▶ [Records for this task]

Lemma in_symdiff A B x : (x \in symdiff A B) = (x \in A) (+) (x \in B).
Proof. by rewrite !inE; case: (x \in A); case: (x \in B). Qed.

Lemma symdiffs0 A : symdiff A set0 = A.
Proof. by apply/setP => x; rewrite in_symdiff inE addbF. Qed.

Lemma symdiff0s A : symdiff set0 A = A.
Proof. by apply/setP => x; rewrite in_symdiff inE. Qed.

Lemma symdiffv A : symdiff A A = set0.
Proof. by apply/setP => x; rewrite in_symdiff inE addbb. Qed.

Lemma symdiff_subU A B : symdiff A B \subset A :|: B.
Proof. by apply/subsetP => x; rewrite in_symdiff inE; case: (x \in A). Qed.

Lemma symdiff_setD A B : B \subset A -> symdiff A B = A :\: B.
Proof. by rewrite -setD_eq0 /symdiff => /eqP ->; rewrite setU0. Qed.

Lemma odd_card_symdiff A B : odd #|symdiff A B| = odd #|A| (+) odd #|B|.
Proof.
have AIB_sub : A :&: B \subset A :|: B by apply: subset_trans (subsetIl A B) (subsetUl A B).
have -> : symdiff A B = (A :|: B) :\: (A :&: B).
  by apply/setP => x; rewrite in_symdiff !inE; case: (x \in A); case: (x \in B).
by rewrite cardsD (setIidPr AIB_sub) oddB ?subset_leq_card // -oddD cardsUI oddD.
Qed.

End SymmetricDifference.

Lemma imset_symdiff (aT rT : finType) (f : aT -> rT) (A B : {set aT}) :
  injective f -> f @: symdiff A B = symdiff (f @: A) (f @: B).
Proof.
move=> f_inj; apply/setP => y; rewrite in_symdiff.
apply/imsetP/idP => [[x + ->]|yAB]; first by rewrite !mem_imset // in_symdiff.
have : y \in f @: (A :|: B) by rewrite imsetU inE; move: yAB; case: (y \in f @: A).
by case/imsetP => x _ yfx; exists x => //; move: yAB; rewrite yfx !mem_imset // in_symdiff.
Qed.

Lemma card_setI2 (U : finType) (F : {set U}) (a b : U) :
  a != b -> #|F :&: [set a; b]| = (a \in F) + (b \in F).
Proof.
move=> ab; rewrite -sum1_card (eq_bigl (fun y => (y \in [set a; b]) && (y \in F))).
  by rewrite big_mkcondr big_setU1 ?big_set1 ?inE.
by move=> y; rewrite !inE andbC.
Qed.

Section UniqCycle.
Variables (T : eqType) (c : seq T).
Hypothesis c_uniq : uniq c.

Lemma next_closed_cycle (P : pred T) :
  {in c, forall x, P x -> P (next c x)} -> {in c &, forall x y, P x -> P y}.
Proof.
move=> P_next x y xc yc; have imp_trans : transitive (fun x y => P x ==> P y).
  by move=> a b d /implyP ba /implyP ad; apply/implyP => /ba /ad.
have : cycle (fun x y => P x ==> P y) c.
  by apply: cycle_from_next => // z zc; apply/implyP/P_next.
by rewrite cycle_all2rel // => /allrelP/(_ x y xc yc)/implyP.
Qed.

(* Otherwise {x, next c x} would be closed under next, hence contain c. *)
Lemma next_neq_prev x : 3 <= size c -> x \in c -> next c x != prev c x.
Proof.
move=> c_size xc; apply/eqP => nx_px.
have : size c <= size [:: x; next c x].
  apply: uniq_leq_size => // y yc; rewrite !inE.
  apply: (next_closed_cycle (P := fun z => (z == x) || (z == next c x)) _ xc yc).
    move=> z zc /orP [] /eqP ->; first by rewrite eqxx orbT.
    by rewrite nx_px next_prev ?eqxx.
  by rewrite eqxx.
by rewrite leqNgt (leq_trans _ c_size).
Qed.

End UniqCycle.

Section Boundary.
Variable T : finType.
Implicit Types (F G : {set {set T}}) (u v x : T).

Definition boundary F := [set x | odd #|[set A in F | x \in A]|].

Lemma boundary0 : boundary set0 = set0.
Proof. by apply/setP => x; rewrite !inE setIdE set0I cards0. Qed.

Lemma boundary_symdiff F G :
  boundary (symdiff F G) = symdiff (boundary F) (boundary G).
Proof.
apply/setP => x; rewrite in_symdiff !inE -odd_card_symdiff; congr (odd _).
apply: eq_card => A; rewrite !(inE, in_symdiff).
by case: (A \in F); case: (A \in G); case: (x \in A).
Qed.

Lemma boundary_edge u v :
  u != v -> boundary [set [set u; v]] = symdiff [set u] [set v].
Proof.
move=> uv; apply/setP => x; rewrite in_symdiff !inE setIdE.
have [xuv|xuv] := boolP (x \in [set u; v]).
  rewrite (setIidPl _) ?cards1; last by rewrite sub1set inE.
  move: xuv; rewrite !inE => /orP [] /eqP ->; rewrite eqxx ?(negbTE uv) //.
  by rewrite eq_sym (negbTE uv).
rewrite (_ : _ :&: _ = set0) ?cards0; last first.
  by apply/setP => A; rewrite !inE; apply/negP => /andP [/eqP ->]; apply/negP.
by move: xuv; rewrite !inE negb_or => /andP [/negbTE -> /negbTE ->].
Qed.

Lemma boundary_sub_cover F : boundary F \subset cover F.
Proof.
apply/subsetP => x; rewrite inE => /odd_gt0/card_gt0P [A].
by rewrite inE => /andP [AF xA]; apply/bigcupP; exists A.
Qed.

End Boundary.

Section GraphBoundary.
Variables (T : finType) (e : rel T).
Hypotheses (e_sym : symmetric e) (e_irr : irreflexive e).
Implicit Types (F G : {set {set T}}) (u v x y : T).

Lemma edges_pair u v : e u v -> [set u; v] \in edges e.
Proof.
by move=> euv; rewrite inE; apply/existsP; exists u; apply/existsP; exists v; rewrite euv eqxx.
Qed.

Lemma symdiff_edges F G :
  F \subset edges e -> G \subset edges e -> symdiff F G \subset edges e.
Proof. by move=> Fe Ge; apply: subset_trans (symdiff_subU F G) _; rewrite subUset Fe. Qed.

Lemma cycle_edges_sub c : cycle e c -> cycle_edges c \subset edges e.
Proof. by move=> ce; apply/subsetP => _ /imsetP [x xc ->]; apply/edges_pair/next_cycle. Qed.

Lemma connect_boundary u v : connect e u v ->
  exists2 F : {set {set T}}, F \subset edges e & boundary F = symdiff [set u] [set v].
Proof.
case/connectP => p; elim: p u => [|w p IH] u /=.
  by move=> _ ->; exists set0; rewrite ?sub0set ?boundary0 ?symdiffv.
case/andP => euw wp vp; have [F Fe bF] := IH w wp vp.
have uw : u != w by apply: contraTneq euw => ->; rewrite e_irr.
exists (symdiff [set [set u; w]] F); first by rewrite symdiff_edges // sub1set edges_pair.
rewrite boundary_symdiff boundary_edge // bF.
by apply/setP => x; rewrite !in_symdiff -addbA (addbA (x \in [set w])) addbb.
Qed.

Lemma even_boundary (conn : forall x y, connect e x y) (T0 : {set T}) :
  ~~ odd #|T0| -> exists2 F : {set {set T}}, F \subset edges e & boundary F = T0.
Proof.
have [n] := ubnP #|T0|; elim: n T0 => // n IH T0 T0_lt T0_even.
have [->|[u uT0]] := set_0Vmem T0; first by exists set0; rewrite ?sub0set ?boundary0.
have /set0Pn [w] : T0 :\ u != set0.
  by apply: contra T0_even => /eqP T0u; rewrite (cardsD1 u) uT0 T0u cards0.
rewrite !inE => /andP [wu wT0].
have uw_sub : [set u; w] \subset T0 by rewrite subUset !sub1set uT0.
have card_uw : #|[set u; w]| = 2 by rewrite cards2 eq_sym wu.
have card_rest : #|T0 :\: [set u; w]| + 2 = #|T0|.
  by rewrite cardsD (setIidPr uw_sub) card_uw subnK // -card_uw subset_leq_card.
have rest_lt : #|T0 :\: [set u; w]| < n.
  by move: T0_lt; rewrite -card_rest addn2 ltnS => /ltnW.
have rest_even : ~~ odd #|T0 :\: [set u; w]|.
  by move: T0_even; rewrite -card_rest oddD addbF.
have [F Fe bF] := connect_boundary (conn u w).
have [G Ge bG] := IH _ rest_lt rest_even.
exists (symdiff G F); first exact: symdiff_edges.
rewrite boundary_symdiff bF bG; apply/setP => x; rewrite !(in_symdiff, inE).
have [->|xu] := eqVneq x u; first by rewrite uT0 eq_sym (negbTE wu).
by have [->|xw] := eqVneq x w; rewrite ?wT0 ?addbF.
Qed.

Lemma cycle_connect c x y : graph_cycle e c -> x \in c -> y \in c -> connect e x y.
Proof.
case=> /andP [+ _] _; case: c => // z p /= zp_cycle xc yc.
have from_z w : w \in z :: p -> connect e z w.
  by move=> wc; apply: (path_connect zp_cycle); rewrite -cats1 -cat_cons mem_cat wc.
by apply: connect_trans (from_z y yc); rewrite sym_connect_sym // from_z.
Qed.

Lemma no_isolated_card_gt1 : no_isolated e -> 0 < #|T| -> 1 < #|T|.
Proof.
move=> no_iso /card_gt0P [x _]; have [y exy] := no_iso x.
have xy : x != y by apply: contraTneq exy => ->; rewrite e_irr.
by have := max_card [set x; y]; rewrite cards2 xy.
Qed.

End GraphBoundary.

▶ [About this task]
Copy, exactly and only, the lines above that begin with the one containing "by case/imsetP =>" and finish with the one containing "apply: uniq_leq_size =>".

▶ [Your solution]
by case/imsetP => x _ yfx; exists x => //; move: yAB; rewrite yfx !mem_imset // in_symdiff.
Qed.

Lemma card_setI2 (U : finType) (F : {set U}) (a b : U) :
  a != b -> #|F :&: [set a; b]| = (a \in F) + (b \in F).
Proof.
move=> ab; rewrite -sum1_card (eq_bigl (fun y => (y \in [set a; b]) && (y \in F))).
  by rewrite big_mkcondr big_setU1 ?big_set1 ?inE.
by move=> y; rewrite !inE andbC.
Qed.

Section UniqCycle.
Variables (T : eqType) (c : seq T).
Hypothesis c_uniq : uniq c.

Lemma next_closed_cycle (P : pred T) :
  {in c, forall x, P x -> P (next c x)} -> {in c &, forall x y, P x -> P y}.
Proof.
move=> P_next x y xc yc; have imp_trans : transitive (fun x y => P x ==> P y).
  by move=> a b d /implyP ba /implyP ad; apply/implyP => /ba /ad.
have : cycle (fun x y => P x ==> P y) c.
  by apply: cycle_from_next => // z zc; apply/implyP/P_next.
by rewrite cycle_all2rel // => /allrelP/(_ x y xc yc)/implyP.
Qed.

(* Otherwise {x, next c x} would be closed under next, hence contain c. *)
Lemma next_neq_prev x : 3 <= size c -> x \in c -> next c x != prev c x.
Proof.
move=> c_size xc; apply/eqP => nx_px.
have : size c <= size [:: x; next c x].
  apply: uniq_leq_size => // y yc; rewrite !inE.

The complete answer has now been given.